It was supposed to be an initiative that would give us
healthy eating options while expanding the city's culinary palate, ending a
'street-meat' monopoly that left locals and tourists alike hungry for variety
on the streets of Toronto.
Instead, in the words of A La Cart vendor Kathy Bonivento, it
was a "complete failure" marked by "enormous
mismanagement."
Bonivento addressed Toronto
councillors at an executive committee meeting Wednesday, tearfully recalling how the ill-fated A La Cart pilot
project ate away at her finances to the tune of $89,000. She also threatened to sue the city if some
form of compensation wasn't agreed to.
“I destroyed my family’s finances with this project,"
she said, sobbing.
The three-year project was launched in 2009, but the initial
excitement for vendors quickly evaporated when they were burdened with huge, pricey carts that weren't winter-proofed and often
malfunctioned.
"The first reason (the project failed) was the immobile, unsafe
cart that the city forced us to buy at three times the price it should have
cost," Bonivento said.
What was once a one-person job, now required several employees to move and operate the cumbersome cart,
further eating away at profits.
The carts cost around $30,000 each and had to be purchased
by those in the program.
"The vendors have had to throw good money after bad to
try to fix the mistakes of the city," she added, reacting to the staff
recommendation to halt the program before its full three-year term had expired.

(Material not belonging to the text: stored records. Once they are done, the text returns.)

(* Consider the centralized caching problem with uncoded prefetching with $N$ files, $K$ users, and local cache size of $M$ files per user, $t=KM/N$, with generalized demands. For every file size $F$, every $\epsilon>0$, and every generalized statistics $\boldsymbol{s}$, $$\min_{\boldsymbol{\mathcal{M}}}R^*_{\epsilon,K}(\boldsymbol{s},\boldsymbol{\mathcal{M}})\ \ge\ \mathrm{Conv}\left(\frac{\binom{K}{t+1}-\binom{K-N_{\mathrm{e}}(\boldsymbol{s})}{t+1}}{\binom{K}{t}}\right)-\left(\frac{1}{F}+N_{\mathrm{e}}^2(\boldsymbol{s})\epsilon\right),$$ where the minimum is over all uncoded prefetchings satisfying the memory constraint and $\mathrm{Conv}(f(t))$ denotes the lower convex envelope of the points $\{(t,f(t)):t\in\{0,1,\dots,K\}\}$, evaluated at $t=KM/N$.
   Context: Setting: $N$ files of $F$ bits each, all bits i.i.d. Bernoulli$(1/2)$; $K$ users each with $MF$ bits of cache, $M\in[0,N]$. An uncoded prefetching $\boldsymbol{\mathcal{M}}=(\mathcal{M}_1,\dots,\mathcal{M}_K)$: each $\mathcal{M}_k$ is a set of at most $MF$ bit indices and user $k$ stores those bits. A generalized demand is $\boldsymbol{d}=(d_1,\dots,d_K)\in\{0,1,\dots,N\}^K$, where $d_k\neq0$ means user $k$ requests file $W_{d_k}$ and $d_k=0$ means user $k$ makes no request. A rate $R$ is $\epsilon$-achievable for $\boldsymbol{\mathcal{M}},\boldsymbol{d}$ if there are an encoder $X=\psi(W_1,\dots,W_N)\in\{0,1\}^{RF}$ and decoders such that each requesting user $k$ recovers $W_{d_k}$ from $X$ and its cached bits with error probability at most $\epsilon$; $R^*_{\epsilon,K}(\boldsymbol{d},\boldsymbol{\mathcal{M}})$ is the minimum such rate. The statistics of a generalized demand is the length-$N$ array, sorted nonincreasingly, whose $i$-th entry is the number of users requesting the $i$-th most requested file; the generalized type $\mathcal{D}_{\boldsymbol{s}}$ is the set of generalized demands with statistics $\boldsymbol{s}$; $N_{\mathrm{e}}(\boldsymbol{s})$ is the number of distinct requested files. $R^*_{\epsilon,K}(\boldsymbol{s},\boldsymbol{\mathcal{M}})$ is the average of $R^*_{\epsilon,K}(\boldsymbol{d},\boldsymbol{\mathcal{M}})$ over $\boldsymbol{d}\in\mathcal{D}_{\boldsymbol{s}}$. Convention: $\binom{n}{k}=0$ when $k>n$. *)

From HB Require Import structures.
From mathcomp Require Import all_boot all_order all_algebra.
From mathcomp Require Import boolp classical_sets reals.
Set Implicit Arguments. Unset Strict Implicit. Unset Printing Implicit Defensive.
Import Order.TTheory GRing.Theory Num.Theory.
Local Open Scope ring_scope.

(* Bit indices: bit j of file n is (n, j), n : 'I_N, j : 'I_F.
   A realization of the library is a finite function w on bit indices;
   the N*F bits are i.i.d. Bernoulli(1/2), i.e. w is uniform. *)
Definition lib (N F : nat) := {ffun 'I_N * 'I_F -> bool}.

Definition file (N F : nat) (w : lib N F) (n : 'I_N) : {ffun 'I_F -> bool} :=
  [ffun j => w (n, j)].

Definition prefetching (N F K : nat) := 'I_K -> {set 'I_N * 'I_F}.

(* A generalized demand: d k = 0 means no request, d k = j (j >= 1) means
   user k requests file W_j, i.e. the file of index j-1 : 'I_N
   (computed by unlift ord0). *)
Definition gdemand (N K : nat) := {ffun 'I_K -> 'I_N.+1}.

Definition prob {R : realType} (N F : nat) (A : {set lib N F}) : R :=
  #|A|%:R / #|{: lib N F}|%:R.

(* Rate L/F (i.e. L transmitted bits) is eps-achievable for (Mc, d). *)
Definition achievable {R : realType} (N F K : nat) (Mc : prefetching N F K)
    (d : gdemand N K) (eps : R) (L : nat) : Prop :=
  exists psi : lib N F -> {ffun 'I_L -> bool},
    forall (k : 'I_K) (n : 'I_N), unlift ord0 (d k) = Some n ->
    exists phi : {ffun 'I_L -> bool} -> lib N F -> {ffun 'I_F -> bool},
      (* the decoder of user k only uses X and the cached bits *)
      (forall x (w w' : lib N F),
          (forall b, b \in Mc k -> w b = w' b) -> phi x w = phi x w')
      /\ prob [set w : lib N F | phi (psi w) w != file w n] <= eps.

(* Minimum eps-achievable rate R*_{eps,K}(d, Mc).  Sending all N*F bits is
   always achievable, so the minimum over L in [0, N*F] is the true minimum. *)
Definition Rstar {R : realType} (N F K : nat) (Mc : prefetching N F K)
    (d : gdemand N K) (eps : R) : R :=
  (\big[minn/(N * F)%N]_(L < (N * F).+1 | `[< achievable Mc d eps L >]) L)%:R
  / F%:R.

Definition stats (N K : nat) (d : gdemand N K) : seq nat :=
  sort (fun a b : nat => (b <= a)%N)
    [seq #|[set k | d k == lift ord0 n]| | n <- enum 'I_N].

Definition Ne (s : seq nat) : nat := count (fun x => (0 < x)%N) s.

Definition Rstar_type {R : realType} (N F K : nat) (Mc : prefetching N F K)
    (eps : R) (s : seq nat) : R :=
  (\sum_(d : gdemand N K | stats d == s) Rstar Mc d eps)
  / #|[set d : gdemand N K | stats d == s]|%:R.

Definition fbound {R : realType} (K ne t : nat) : R :=
  ('C(K, t.+1)%:R - 'C(K - ne, t.+1)%:R) / 'C(K, t)%:R.

Definition Conv {R : realType} (K : nat) (f : nat -> R) (x : R) : R :=
  inf [set y : R | exists lam : 'I_K.+1 -> R,
         (forall i, 0 <= lam i) /\ \sum_i lam i = 1 /\
         \sum_(i : 'I_K.+1) lam i * (i : nat)%:R = x /\
         y = \sum_(i : 'I_K.+1) lam i * f i].

(* Fix a demand with [ne] requested files and choose users [u_0, ..., u_(ne-1)]
   requesting distinct files [n_0, ..., n_(ne-1)].  Let [B] be the set of bits of
   the files [n_i] that none of [u_0, ..., u_i] caches.  With probability at least
   [1 - ne eps] every [u_i] decodes correctly; then the files [n_0, n_1, ...] can be
   recovered in turn from the transmission and the bits outside [B], because the
   cache of [u_i] meets [B] only inside the files already recovered.  Counting
   library realizations gives [L >= |B| (1 - ne eps) - 1] for every achievable
   length [L].  Relabelling users and files preserves the demand type, and the
   average of [|B|] over all relabellings is [F] times the mean of
   [f(t_x) = (C(K, t_x + 1) - C(K - ne, t_x + 1)) / C(K, t_x)] over the bits [x],
   where [t_x] is the number of users caching [x].  The cache-size constraint
   bounds the mean of [t_x] by [KM/N], so this mean of [f] dominates the lower
   convex envelope at [KM/N]. *)
From HB Require Import structures.
From mathcomp Require Import all_boot all_order all_algebra.
From mathcomp Require Import boolp classical_sets reals.
From mathcomp Require Import perm action primitive_action alt.
From mathcomp Require Import zify ring lra.
Set Implicit Arguments. Unset Strict Implicit. Unset Printing Implicit Defensive.
Import Order.TTheory GRing.Theory Num.Theory.
Local Open Scope ring_scope.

Remaining participants would be allowed to stay open with
fewer rules in place. Vendors’ location fees from 2010 to 2013 could also be
waived if council approves the recommendations at its May 17-18 meeting.
Marianne Moroney, Executive Director for Street Food Vendors Association, was also present at the meeting.
"The rules and regulations (of the A La Cart project)
were restrictive," she said. "The menus were too restrictive, the cart was poorly designed...it
was purposely set up, this pilot project, so if it was successful they would
slowly eliminate all of the existing food industry, so it was nefarious,"
she alleged.
"I think the city would be wise to give back some of the
money."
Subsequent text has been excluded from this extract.